Miguel Solis

(Commit Partnership) – In 2018, the Dallas Independent School District began charting a course toward restorative justice on all its campuses. Now, six years and several earthshaking events later, the data strongly suggest this was the right course for students.

Throughout my career as an educator, administrator, school board member and now nonprofit leader, my work has been driven by data. Numbers show much more than just academic achievement; they often reveal deep disparities and shortcomings of education policies.

During the 2013-2014 school year, more than 36,500 Texas students in kindergarten through second grade received out-of-school suspensions. More than 2,500 out-of-school suspensions went to pre-K students.

These practices disproportionately affected Black students. During that same school year, Black students accounted for 42% of all pre-K through fifth grade out-of-school suspensions, despite making up only 13% of the elementary school population in Texas. Loss of instructional time leads to gaps in student outcomes that only grow as patterns repeat through the years, leading to disparities in workforce success and ultimately incarceration rates.

This school-to-prison pipeline is not only unjust, it is unsustainable. More than 38% of the U.S. incarcerated population is Black, a rate almost three times their share of the population, at 13.4%. Seven of the top 30 Texas zip codes inmates last called home are in Dallas ISD. Incarcerating so many of our community members comes with a huge cost to our state, and incarceration severely limits economic opportunity for the families left behind. Something had to change.

In 2018, a coalition of local advocates led by parents of color brought this data to the attention of the Dallas ISD school board, doing me and the other trustees a service. In response, I worked with these community members to draft a new discipline policy that, once passed, made Dallas ISD the first large urban district to waive suspensions for students in pre-K to second grade. This ban on out-of-school suspensions for the district’s youngest children is now Texas state law.

Then, with the onset of the COVID-19 pandemic, access to equitable instructional time became an even larger issue as remote learning disrupted the educational experience of an entire generation. But technology made necessary by the pandemic also presented an opportunity. Dallas ISD’s superintendent at the time, Michael Hinojosa recognized if students could attend class anywhere, and in many cases at any time, then why would we ever suspend a student again?

In 2021, Dallas ISD ended out-of-school and in-school suspensions at all grade levels. The Dallas ISD Board of Trustees approved $4 million to fund reset centers on all 52 comprehensive middle- and high-school campuses in the district. For students who are removed from regular classrooms, reset centers offer space to continue their schoolwork and receive help building the social and emotional skills to manage their own behavior.

Now, we have data showing the positive impact of rethinking how we approach misbehavior.  Since waiving suspensions and implementing reset centers in 2019, the number of in-school suspensions, out-of-school suspensions and even placements in the reset centers that replaced suspensions fell 80% for all grades. Reset centers are redefining discipline and putting restorative justice into practice. There is still a long way to go, but the data already reflects compelling behavioral change.
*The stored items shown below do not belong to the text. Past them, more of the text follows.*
(* Let $\Sigma$ be an alphabet with $n$ letters, let $\ell\notin\Sigma$, let $P=p_1p_2\cdots p_n$ be a permutation of $\Sigma$, and let $\pi:\ \pi_1<\pi_2<\cdots<\pi_{n+1}$ be a total ordering of $\Sigma\cup\{\ell\}$ with $\pi_1\neq \ell$. Define a sequence $\beta_1,\beta_2,\dots$ of elements of $\Sigma\cup\{\ell\}$ by $\beta_1=\pi_1$ and, whenever $\beta_j=p_x$ for some $x$ with $p_x<_\pi \min_\pi\{p_n,\ell\}$, by $$\beta_{j+1}=\min_\pi\{p_{x+1},\dots,p_n,\ell\};$$ the sequence stops at the first index $w$ with $\beta_w=\min_\pi\{p_n,\ell\}$. For $1\le j\le w$ let $S_j$ denote the lineage taxon string of the taxon $\beta_j$ in the line tree $T(P)$ under $\pi$. Then every $S_j$ is nonempty, and $$P = S_1[1,|S_1|-1]\,\beta_1\,S_2[1,|S_2|-1]\,\beta_2\cdots S_{w-1}[1,|S_{w-1}|-1]\,\beta_{w-1}\,S'_w,$$ where $$S'_w=\begin{cases} S_w & \text{if } \beta_w=\ell,\\ S_w[1,|S_w|-1]\,\beta_w & \text{if } \beta_w\neq\ell,\end{cases}$$ $S[1,|S|-1]$ denotes the string obtained from a nonempty string $S$ by deleting its last letter, and juxtaposition denotes concatenation.
   Context: Line tree $T(P)$: for a permutation $P=p_1\cdots p_n$ of $\Sigma$ and a letter $\ell\notin\Sigma$, $T(P)$ is the rooted tree with leaf set $\Sigma\cup\{\ell\}$, internal nodes $r,v_1,\dots,v_n$, and directed edges $(r,v_1)$, $(v_i,v_{i+1})$ and $(v_i,p_i)$ for $1\le i\le n-1$, and $(v_n,p_n)$, $(v_n,\ell)$. The root $r$ has outdegree 1. Lineage taxon string (LTS): let $T$ be a rooted binary tree whose root has outdegree 1 and whose leaves are labeled bijectively by a taxon set $X$, and let $\pi$ be a total ordering of $X$. For a node $u$, $\min_\pi(u)$ is the $\pi$-smallest taxon among the leaves below or equal to $u$. Label the root with the $\pi$-smallest taxon of $X$, and label each non-root internal node $u$ (which has two children $u',u''$) with the $\pi$-larger of $\min_\pi(u')$ and $\min_\pi(u'')$. Each taxon $f$ is then the label of exactly one internal node $w_f$, and the leaf $f$ lies below $w_f$. The LTS of $f$ in $T$ under $\pi$ is the sequence of labels of the nodes strictly between $w_f$ and the leaf $f$ on the directed path from $w_f$ to $f$, listed in order from $w_f$ towards $f$ (it may be empty). For example, for $P=edabc$ and the ordering $a<b<c<d<e<\ell$, the LTSs of $a,b,c$ in $T(P)$ are $edb$, $c$, $\ell$, and those of $d,e,\ell$ are empty. *)

From mathcomp Require Import all_boot.
Set Implicit Arguments. Unset Strict Implicit. Unset Printing Implicit Defensive.

Section LTS.
Variable T : eqType.

(** A total ordering pi of the taxa, given as the list pi_1 < pi_2 < ... *)
Definition ltpi (pi : seq T) (x y : T) : bool := index x pi < index y pi.
Definition minpi2 (pi : seq T) (a b : T) : T := if index a pi <= index b pi then a else b.
Definition maxpi2 (pi : seq T) (a b : T) : T := if index a pi <= index b pi then b else a.
Definition minpi (pi : seq T) (a : T) (s : seq T) : T := foldl (minpi2 pi) a s.
Lemma balanced_high j : ((2 * j).+1 < m)%N -> W (m.-1 - j)%N = A j + 'X * B j.
Proof.
move=> hj; have /hWAB [_ _ [symA symB] _ _] : (j < m)%N by lia.
have /hWAB [_ _ _ _ ->] : (m.-1 - j < m)%N by lia.
by rewrite symA symB ifF //; apply/negbTE; lia.
Qed.

Lemma balanced_pair j : (j < m)%N ->
  W j + W (m.-1 - j)%N = A j + A j + (1 + 'X) * B j.
Proof.
move=> hj; case: (ltngtP (2 * j).+1 m) => hm.
- by rewrite balanced_low ?balanced_high //; [ring | lia].
- have [_ _ [symA symB] _ _] := hWAB hj.
  rewrite {1}(_ : j = m.-1 - (m.-1 - j))%N; last by lia.
  by rewrite balanced_high ?balanced_low ?symA ?symB; [ring | lia | lia].
- have [_ _ _ B_mid _] := hWAB hj.
  have -> : (m.-1 - j = j)%N by lia.
  by rewrite balanced_low ?B_mid //; [ring | lia].
Qed.

Lemma gamma_pos_sum_sym lo hi : (lo + hi = m)%N ->
  gamma_pos c (\sum_(lo <= i < hi) W i).
Proof.
move=> hm.
have pairs : \sum_(lo <= i < hi) (W i + W (m.-1 - i)%N) =
    \sum_(lo <= i < hi) (A i + A i + (1 + 'X) * B i).
  by apply: eq_big_nat => i /andP [_ hi']; rewrite balanced_pair //; lia.
have mirror : \sum_(lo <= i < hi) W (m.-1 - i)%N = \sum_(lo <= i < hi) W i.
  by rewrite big_nat_rev; apply: eq_big_nat => i /andP [_ hi']; congr W; lia.
have -> : \sum_(lo <= i < hi) W i =
    2%:R^-1 *: \sum_(lo <= i < hi) (A i + A i + (1 + 'X) * B i).
  rewrite -pairs big_split /= mirror -mulr2n -scaler_nat scalerA.
  by rewrite mulVf ?scale1r // pnatr_eq0.
apply: gamma_posZ; first by rewrite invr_ge0 ler0n.
rewrite big_nat_cond; apply: gamma_pos_sum => i /andP [/andP [_ hi'] _].
have /hWAB [gA gB _ _ _] : (i < m)%N by lia.
by apply: gamma_posD; [apply: gamma_posD | apply: gamma_pos_pred_mul1X].
Qed.

Lemma sum_prefix j : ((2 * j).+1 <= m)%N -> \sum_(0 <= i < j) W i = alpha j + beta j.
Proof.
move=> hj; rewrite -big_split; apply: eq_big_nat => i hi.
by rewrite balanced_low //; lia.
Qed.

Lemma sum_suffix j : ((2 * j).+1 <= m)%N ->
  \sum_((m - j)%N <= i < m) W i = alpha j + 'X * beta j.
Proof.
move=> hj; rewrite sum_nat_rev_suffix; last by lia.
rewrite mulr_sumr -big_split; apply: eq_big_nat => i hi.
by rewrite balanced_high //; lia.
Qed.

Lemma gamma_pos_alpha j : (j <= m)%N -> gamma_pos c (alpha j).
Proof.
move=> hj; rewrite /alpha big_nat_cond; apply: gamma_pos_sum => i /andP [/andP [_ hi] _].
by have /hWAB [] : (i < m)%N by lia.
Qed.

Lemma gamma_pos_pred_beta j : (j <= m)%N -> gamma_pos_pred c (beta j).
Proof.
move=> hj; rewrite /beta big_nat_cond; apply: gamma_pos_pred_sum => i /andP [/andP [_ hi] _].
by have /hWAB [] : (i < m)%N by lia.
Qed.

Let A_next k := (1 + 'X) * (A k + alpha k) + 'X * (B k + beta k + beta k).
Let B_next k := \sum_(k <= i < m - k) W i - A k.

Lemma B_next_mid j : (2 * j).+1 = m -> B_next j = 0.
Proof.
move=> hm; have /hWAB [_ _ _ B_mid _] : (j < m)%N by lia.
rewrite /B_next (_ : m - j = j.+1)%N; last by lia.
by rewrite big_nat1 balanced_low ?B_mid ?addr0 ?subrr //; lia.
Qed.

Lemma gamma_pos_B_next k : ((2 * k).+1 <= m)%N -> gamma_pos c (B_next k).
Proof.
move=> hk; have /hWAB [gA gB _ _ _] : (k < m)%N by lia.
case: (ltngtP (2 * k).+1 m) => hm; [| lia | by rewrite B_next_mid //; apply: gamma_pos0].
rewrite /B_next big_ltn; last by lia.
have -> : (m - k = (m.-1 - k).+1)%N by lia.
rewrite big_nat_recr /=; last by lia.
rewrite balanced_low ?balanced_high; [|lia|lia].
set M := \sum_(_ <= _ < _) _.
have -> : A k + B k + (M + (A k + 'X * B k)) - A k = A k + (1 + 'X) * B k + M by ring.
apply: gamma_posD; first by apply: gamma_posD => //; apply: gamma_pos_pred_mul1X.
by apply: gamma_pos_sum_sym; lia.
Qed.

Lemma next_slice_low j : ((2 * j).+1 <= m)%N ->
  next_slice m W j = A_next j + B_next j.
Proof.
move=> hj; rewrite /next_slice /A_next /B_next.
rewrite (@big_cat_nat _ _ _ (m - j)) /=; [|lia|lia].
rewrite sum_suffix // big_nat_recr //= sum_prefix // balanced_low //.
set M := \sum_(_ <= _ < _) _; ring.
Qed.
We took a risk in 2018 to fundamentally change the approach to misbehavior. Now, we have identified the tools necessary to support this work as we engage with more districts seeking to reform their policies. We have gained the data and experience to confidently help them find the right combination of strategic staffing, training for educators, funding for reset center facilities and learning resources they need to realize restorative justice on their campuses.

It is exciting to see such improvement. But more importantly, the numbers are meaningful because they represent students who are now closer to achieving economic mobility. Removing suspensions and other inequitable barriers is as essential as providing the equal opportunity for growth and achievement that every single student deserves.